Heritage Act deserves center stage: Legislation to protect Rocky Mountain Front needs leader to carry it through political process


Missoulian editorial |  Thursday, June 3, 2010

Let's take a page from the Blackfoot Challenge, and start with the 80/20 rule.

That, as explained by Ovando rancher David Mannix at a high-profile conservation-minded meeting this week, means first talking about the issues on which we can all agree, which typically covers about 80 percent of the discussion, before tackling the more contentious issues - that last 20 percent.

So here is what we can all agree on, the big stuff: That the Rocky Mountain Front is a unique place, both within Montana and to the wider world; that it is one of the last largest swaths of untouched land in the state; that it has been and is currently under threat; and that it warrants protection.

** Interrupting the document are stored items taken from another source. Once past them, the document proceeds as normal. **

(* Let $(P,e)$, $P\in\mathcal{T}_k$, be a tree pattern, and let $X,Y,Y'\subseteq[k]$ be defined with respect to $(P,e)$ as below. Let $i\in X\cup Y\cup Y'$ be a non-root vertex of $P$ with $e(i)=0$, and define $e'\colon[k]\setminus\{r(P)\}\to\{0,1\}$ by $e'(i)=1$ and $e'(j)=e(j)$ for all $j\ne i$. Then $\mathcal{T}_n(P,e)=\mathcal{T}_n(P,e')$ for all $n\ge0$.
   Context: $\mathcal{T}_n$ is the set of binary trees on $n$ vertices labeled $1,\dots,n$ by the search tree property (left-subtree vertices of $i$ smaller than $i$, right-subtree vertices larger). $c_L(i),c_R(i),p(i)$: left child, right child, parent ($\varepsilon$ if nonexistent); $c_L^\ell,c_R^\ell$ denote iterates; $r(T)$ root; $L(i),R(i)$ subtrees rooted at $c_L(i),c_R(i)$. A tree pattern is $(P,e)$, $P\in\mathcal{T}_k$, $e\colon[k]\setminus\{r(P)\}\to\{0,1\}$ ($e(i)=1$: edge $(i,p(i))$ contiguous; $e(i)=0$: non-contiguous). $T\in\mathcal{T}_n$ contains $(P,e)$ if there is an injection $f\colon[k]\to[n]$ such that for every non-root $i$ of $P$: if $e(i)=1$, $f(i)$ is the left (resp. right) child of $f(p(i))$ when $i$ is the left (resp. right) child of $p(i)$; if $e(i)=0$, $f(i)\in L(f(p(i)))$ (resp. $R(f(p(i)))$) accordingly. $\mathcal{T}_n(P,e)$ is the set of $T\in\mathcal{T}_n$ avoiding $(P,e)$. For $i\in[k]$: $B_L'(i)=\{c_L^\ell(i):\ell\ge0,\ c_L^\ell(i)\text{ exists, and } e(c_L^j(i))=1\text{ for } j=1,\dots,\ell\}$; $A_R(i)=\{a\in[k]: i=c_R^\ell(a)\text{ for some }\ell\ge0\text{ with } e(c_R^j(a))=1\text{ for } j=1,\dots,\ell\}$, and $a_R(i)$ is the topmost (closest to the root) vertex of $A_R(i)$. $B_R'(i)$, $A_L(i)$, $a_L(i)$ are defined in the same way with left and right interchanged. Then $X=\{i: c_L(i)=\varepsilon\text{ and } c_R(i)=\varepsilon\}$ (the leaves); $Y$ is the set of $i$ such that: $c_L(i)\ne\varepsilon$; $i=c_R(p(i))$; $A_R(p(i))=\{p(i)\}$ or $B_L'(i)=\{i\}$; $c_L(j)=\varepsilon$ for all $j\in A_R(p(i))$; $c_R(j)=\varepsilon$ for all $j\in B_L'(i)$; and $a_R(p(i))=r(P)$ or $e(a_R(p(i)))=0$; $Y'$ is the set of $i$ such that: $c_R(i)\ne\varepsilon$; $i=c_L(p(i))$; $A_L(p(i))=\{p(i)\}$ or $B_R'(i)=\{i\}$; $c_R(j)=\varepsilon$ for all $j\in A_L(p(i))$; $c_L(j)=\varepsilon$ for all $j\in B_R'(i)$; and $a_L(p(i))=r(P)$ or $e(a_L(p(i)))=0$. *)

From mathcomp Require Import all_boot.
Set Implicit Arguments. Unset Strict Implicit. Unset Printing Implicit Defensive.

(* Unlabeled binary tree shapes.  A shape with n nodes carries a unique
   labeling by 1..n satisfying the search-tree property: the in-order
   labeling.  Hence T_n = shapes of size n, and vertices are labels in 1..n. *)
Inductive btree := BLeaf | BNode of btree & btree.

Fixpoint bsize (t : btree) : nat :=
  match t with BLeaf => 0 | BNode l r => (bsize l + bsize r).+1 end.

Fortunately for all of us, the remaining kinks of disagreement over how best to go about protecting the Front have been ironed out - thanks to the ongoing collaboration of local private landowners, public land managers, conservationists and many others for many years. Draft legislation backed by a group called the Coalition to Protect the Rocky Mountain Front, has been readied and offered to the people of Montana for review in a series of statewide public meetings.

It now awaits only a champion in Congress. And the sooner one steps forward, the better.

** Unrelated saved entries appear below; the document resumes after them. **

Lemma measure_bigcup_le d (T : measurableType d) (mu : {measure set T -> \bar R})
    (F : (set T)^nat) (f : nat -> R) M :
  (forall n, measurable (F n)) -> (forall n, 0 <= f n) ->
  (forall n, (mu (F n) <= (f n)%:E)%E) -> (forall K, \sum_(0 <= n < K) f n <= M) ->
  (mu (\bigcup_n F n) <= M%:E)%E.
Proof.
move=> mF f0 muF sumf.
apply: le_trans (measure_sigma_subadditive mu mF (bigcupT_measurable _ mF) (@subset_refl _ _)) _.
apply: le_trans (lee_nneseries _ (fun n _ => muF n)) (nneseries_le_partial f0 sumf).
by move=> n _ _; exact: measure_ge0.
Qed.

End Measures.

Lemma lim_sup_set_measurable d (T : measurableType d) (F : (set T)^nat) :
  (forall n, measurable (F n)) -> measurable (lim_sup_set F).
Proof.
move=> mF; apply: bigcapT_measurable => n.
by apply: bigcup_measurable => j _; exact: mF.
Qed.

Lemma not_lim_sup_set T (F : (set T)^nat) x :
  ~ lim_sup_set F x -> exists N, forall j, (N <= j)%N -> ~ F j x.
Proof.
move=> Fx; apply: contrapT => noN; apply: Fx => n _; apply: contrapT => Fn; apply: noN.
by exists n => j nj Fjx; apply: Fn; exists j.
Qed.

(* For [q = q_n], [Q = q_(n+2)] and [a = a_(n+2)], [gap q Q a] is
   [p_(n+2)/q_(n+2) - p_n/q_n], and the two inequalities of the theorem read
   [gamma * sep q Q < gap q Q a] and [gamma * sep_margin q Q < gap q Q a].
   [exc_itv q Q a] is the set of [gamma] for which the first holds and the second
   fails; it is taken empty unless [4 <= q <= Q], [0 < a] and it contains some
   [gamma < 1/2]. *)
Definition gap {R : realType} (q Q a : nat) : R := a%:R / (q%:R * Q%:R).

Section ExceptionalSets.
Variable R : realType.
Variable tau : R.
Hypothesis tau_ge : 7 / 2 <= tau.
Implicit Types (q Q a : nat) (x : R).

Definition sep q Q : R := q%:R `^ (- (tau + 1)) + Q%:R `^ (- (tau + 1)).
Definition sep_margin q Q : R := sep q Q + 2 * Q%:R `^ (1 - tau).

Definition admissible q Q a : bool :=
  [&& (4 <= q)%N, (q <= Q)%N, (0 < a)%N & gap q Q a < sep_margin q Q / 2].

Definition exc_itv q Q a : set R :=
  if admissible q Q a then `[gap q Q a / sep_margin q Q, gap q Q a / sep q Q[
  else set0.

Definition exc_width q Q a : R :=
  if admissible q Q a then gap q Q a / sep q Q - gap q Q a / sep_margin q Q else 0.

Definition exc_set q : set R := \bigcup_Q \bigcup_a exc_itv q Q a.

Definition width_bound q Q : R :=
  if [&& (4 <= q)%N, (q <= Q)%N & q%:R `^ tau / 2 < Q%:R]
  then 8 * q%:R * Q%:R `^ (2 - tau) else 0.

Definition decay : R := tau ^+ 2 - 3 * tau - 1.
Definition exc_const : R := 8 * (4^-1) `^ (3 - tau) / (tau - 3).
Definition mass_bound q : R := if (4 <= q)%N then exc_const * q%:R `^ (- decay) else 0.

Lemma sep_gt0 q Q : (0 < q)%N -> 0 < sep q Q.
Proof.
move=> q0; rewrite /sep; have := powR_ge0 (Q%:R : R) (- (tau + 1)).
suff : 0 < q%:R `^ (- (tau + 1)) :> R by lra.
by apply: powR_gt0; rewrite ltr0n.
Qed.

Lemma sep_le_margin q Q : sep q Q <= sep_margin q Q.
Proof. by rewrite /sep_margin lerDl mulr_ge0 ?powR_ge0. Qed.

Once the Heritage Act is approved, all current uses and protections on the Front will be locked into place. About 86,000 acres of wilderness will be added to the Bob Marshall, Great Bear and Scapegoat wilderness areas, and protections will be added to more than 300,000 acres of roadless areas. The proposal also provides $200,000 a year to establish and oversee a specially designated weed-management area.

See? The hard part has already been resolved. The coalition has brought a diverse group of stakeholders to the table to adjust a weed-management boundary here and tweak an acre of wilderness there - and then brought them back to the table again and again, until all parties were satisfied.

In fact, in many ways the Rocky Mountain Front Heritage Act is a less controversial proposal than some of the other plans offered to Montanans in recent months - among them U.S. Sen. Jon Tester's Forest Jobs and Recreation Act, which is primarily based on the results of the Beaverhead-Deerlodge Partnership, the Blackfoot-Clearwater Stewardship Project and the Yaak Valley's Three Rivers Challenge.

Now, the only real danger facing the proposed Rocky Mountain Front Heritage Act is that, competing for attention with the crowd of more heavily disputed land management efforts, it might get put on the back burner.

There is no reason to wait, and every reason to get this legislation into place now.

Contact our U.S. Sens. Max Baucus and Jon Tester, and U.S. Rep. Denny Rehberg, and tell them so.